Боярин Батов приложил руку к сердцу, коротко поклонившись, и дал шпоры коню. Вскоре маленький отряд русских витязей промчался между домов поселка и унесся к дальнему краю длинного Кауштина луга.
Зализа, спрыгнув с коня, махнул рукой полонянкам – за мной следуйте, и двинулся к боярину Росину. Первая ярая радость в односельчанах спала, и сейчас они спокойно двинулись к часовне, разбившись на небольшие группы.
– Константин Андреевич!
– Да?! – боярин бросил несколько слов встречавшему его огромному плечистому Симоненко и чумазому Качину, после чего повернул навстречу опричнику. – Надеюсь, Семен Прокофьевич, ты с нами отобедаешь?
– Домой хочу, Константин Андреевич, – Зализа опять ласково потрепал морду коню. – Загулялись мы все. Надобно, ако Самсону, к земле ненадолго припасть. Силы набраться.
– Как же на пустой желудок, да в такую даль?
– Охота пуще неволи. – Опричник отпустил повод, позволяя жеребцу отойти на несколько шагов, потом кивнул в сторону пленниц. – Полон свой я пока тебе оставлю. Пристрой к делу. Коров подоить, кур попасти, грибов-ягод в лесу к общему столу набрать, опорос принять. Они к такому хозяйству привычные, молодые, справные. В тягость не станут.
– Н-ну, хорошо, Семен Прокофьевич, – пожал плечами Росин. – Пусть побудут, коли надо.
– И вот еще... – опричник оглянулся, не услышит кто произнесенных им крамольных слов. – Вместе мы, почитай месяц, шли. Смерть
Зализа, тяжело выдохнул, словно скинул с души тяжелую ношу, еще раз опасливо оглянулся, потом перехватил уздцы под самой мордой.

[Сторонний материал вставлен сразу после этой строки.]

Theorem theorem4 (R : realType) (d : measure_display) (X : measurableType d)
  (mu : {measure set X -> \bar R}) (rho : X -> X -> R) (add : X -> X -> X)
  (theta : X) (omega : R -> R) (h : R) :
  standing_setting mu rho add theta ->
  modulus_of_continuity omega ->
  0 < h ->
  (forall (nu : {charge set X -> \bar R}) (f : X -> R),
     mu.-integrable [set: X] (EFin \o f) ->
     (forall Q, measurable Q -> nu Q = (\int[mu]_(x in Q) (f x)%:E)%E) ->
     (chnorm rho add theta nu h < +oo)%E ->
     (Hnorm rho omega f < +oo)%E ->
     (supnorm f <= supnorm_diff mu rho add theta f nu h
                   + chnorm rho add theta nu h / mu (B rho theta h))%E /\
     (supnorm_diff mu rho add theta f nu h
        + chnorm rho add theta nu h / mu (B rho theta h)
      <= Hnorm rho omega f / mu (B rho theta h)
           * \int[mu]_(u in B rho theta h) (omega (rho u theta))%:E
         + chnorm rho add theta nu h / mu (B rho theta h))%E) /\
  (let fe := fun x => Num.max (omega h - omega (rho x theta)) 0 in
   let nue := fun Q => (\int[mu]_(x in Q) (fe x)%:E)%E in
   mu.-integrable [set: X] (EFin \o fe) /\
   (chnorm rho add theta nue h < +oo)%E /\
   (Hnorm rho omega fe < +oo)%E /\
   (supnorm fe = supnorm_diff mu rho add theta fe nue h
                 + chnorm rho add theta nue h / mu (B rho theta h))%E /\
   (supnorm_diff mu rho add theta fe nue h
      + chnorm rho add theta nue h / mu (B rho theta h)
    = Hnorm rho omega fe / mu (B rho theta h)
        * \int[mu]_(u in B rho theta h) (omega (rho u theta))%:E
      + chnorm rho add theta nue h / mu (B rho theta h))%E).
Proof.
move=> HS Hom h_gt0; split; last exact: extremal_density_sharp.
move=> nu f f_integrable nu_density chnorm_lty Hnorm_lty; split.
  exact: supnorm_le_supnorm_diff.
by apply: leeD2r; exact: supnorm_diff_le.
Qed.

– Удачи вам, Константин Андреевич, отдыхайте, живите. Скоро Баженов со своей ладьей пожалует, али уже с двумя. Глядишь, и прибытком каким порадует. С Богом.
Опричник развернул коня, поставил ногу в стремя.
– Я говорил это...
От брошенных в спину слов Зализа едва не упал, застряв алым сафьяновым сапогом в стремени, запрыгал на одной ноге, но вывернулся, остановился, повернулся к Росину.
– Я это говорил, – повторил Костя, глядя ему прямо в лицо. – Ведома мне крамола супротив государя. Верная крамола, супротив жизни его направленная.
– Крамола... – повторил опричник страшное слово. – Зачем она тебе, Константин Андреевич?
– Потому, что русский я, – сглотнув неожиданно появившуюся слюну и отчаянно пытаясь побороть предательский холодок, растекающийся между лопаток, сказал Росин. – Русский я. И знаю, что слово мое государю, может, пользы и не даст, но земле моей, миллионам собратьев моих, в разных концах земли нашей живущих, жизнь спасет точно. Я это знаю, Семен Прокофьевич, спасет. Тысячи, десятки, сотни тысяч людей...
Он повторял эти слова снова и снова, как заклинание, но холод не отступал, а растекался все дальше и дальше по телу.
– И что они для тебя, Константин Андреевич? – спросил Зализа, видящей перед собой не мифические тысячи, а одного-единственного человека, которого он обязан немедля скрутить и отправить в Посольский приказ.
– Потому что русский я. И все они, как и земля эта, и страна, такая же часть меня самого, как рука или нога. Я не хочу терять их, пусть даже не видел в глаза никого, и никто из них не узнает имени моего. Все равно не хочу.
– Я возьму тебя под стражу и отправлю в Москву.
– Я знаю.
– Тогда... Почему? – мотнул головой Зализа.
– А ты помнишь, за что мы пили в Сопиместком замке, Семен Прокофьевич? За Русь Святую пили. Так ты думаешь, пить только можно? А бороться за нее другие должны?
– Пытке тебя подвергнут, Константин Андреевич...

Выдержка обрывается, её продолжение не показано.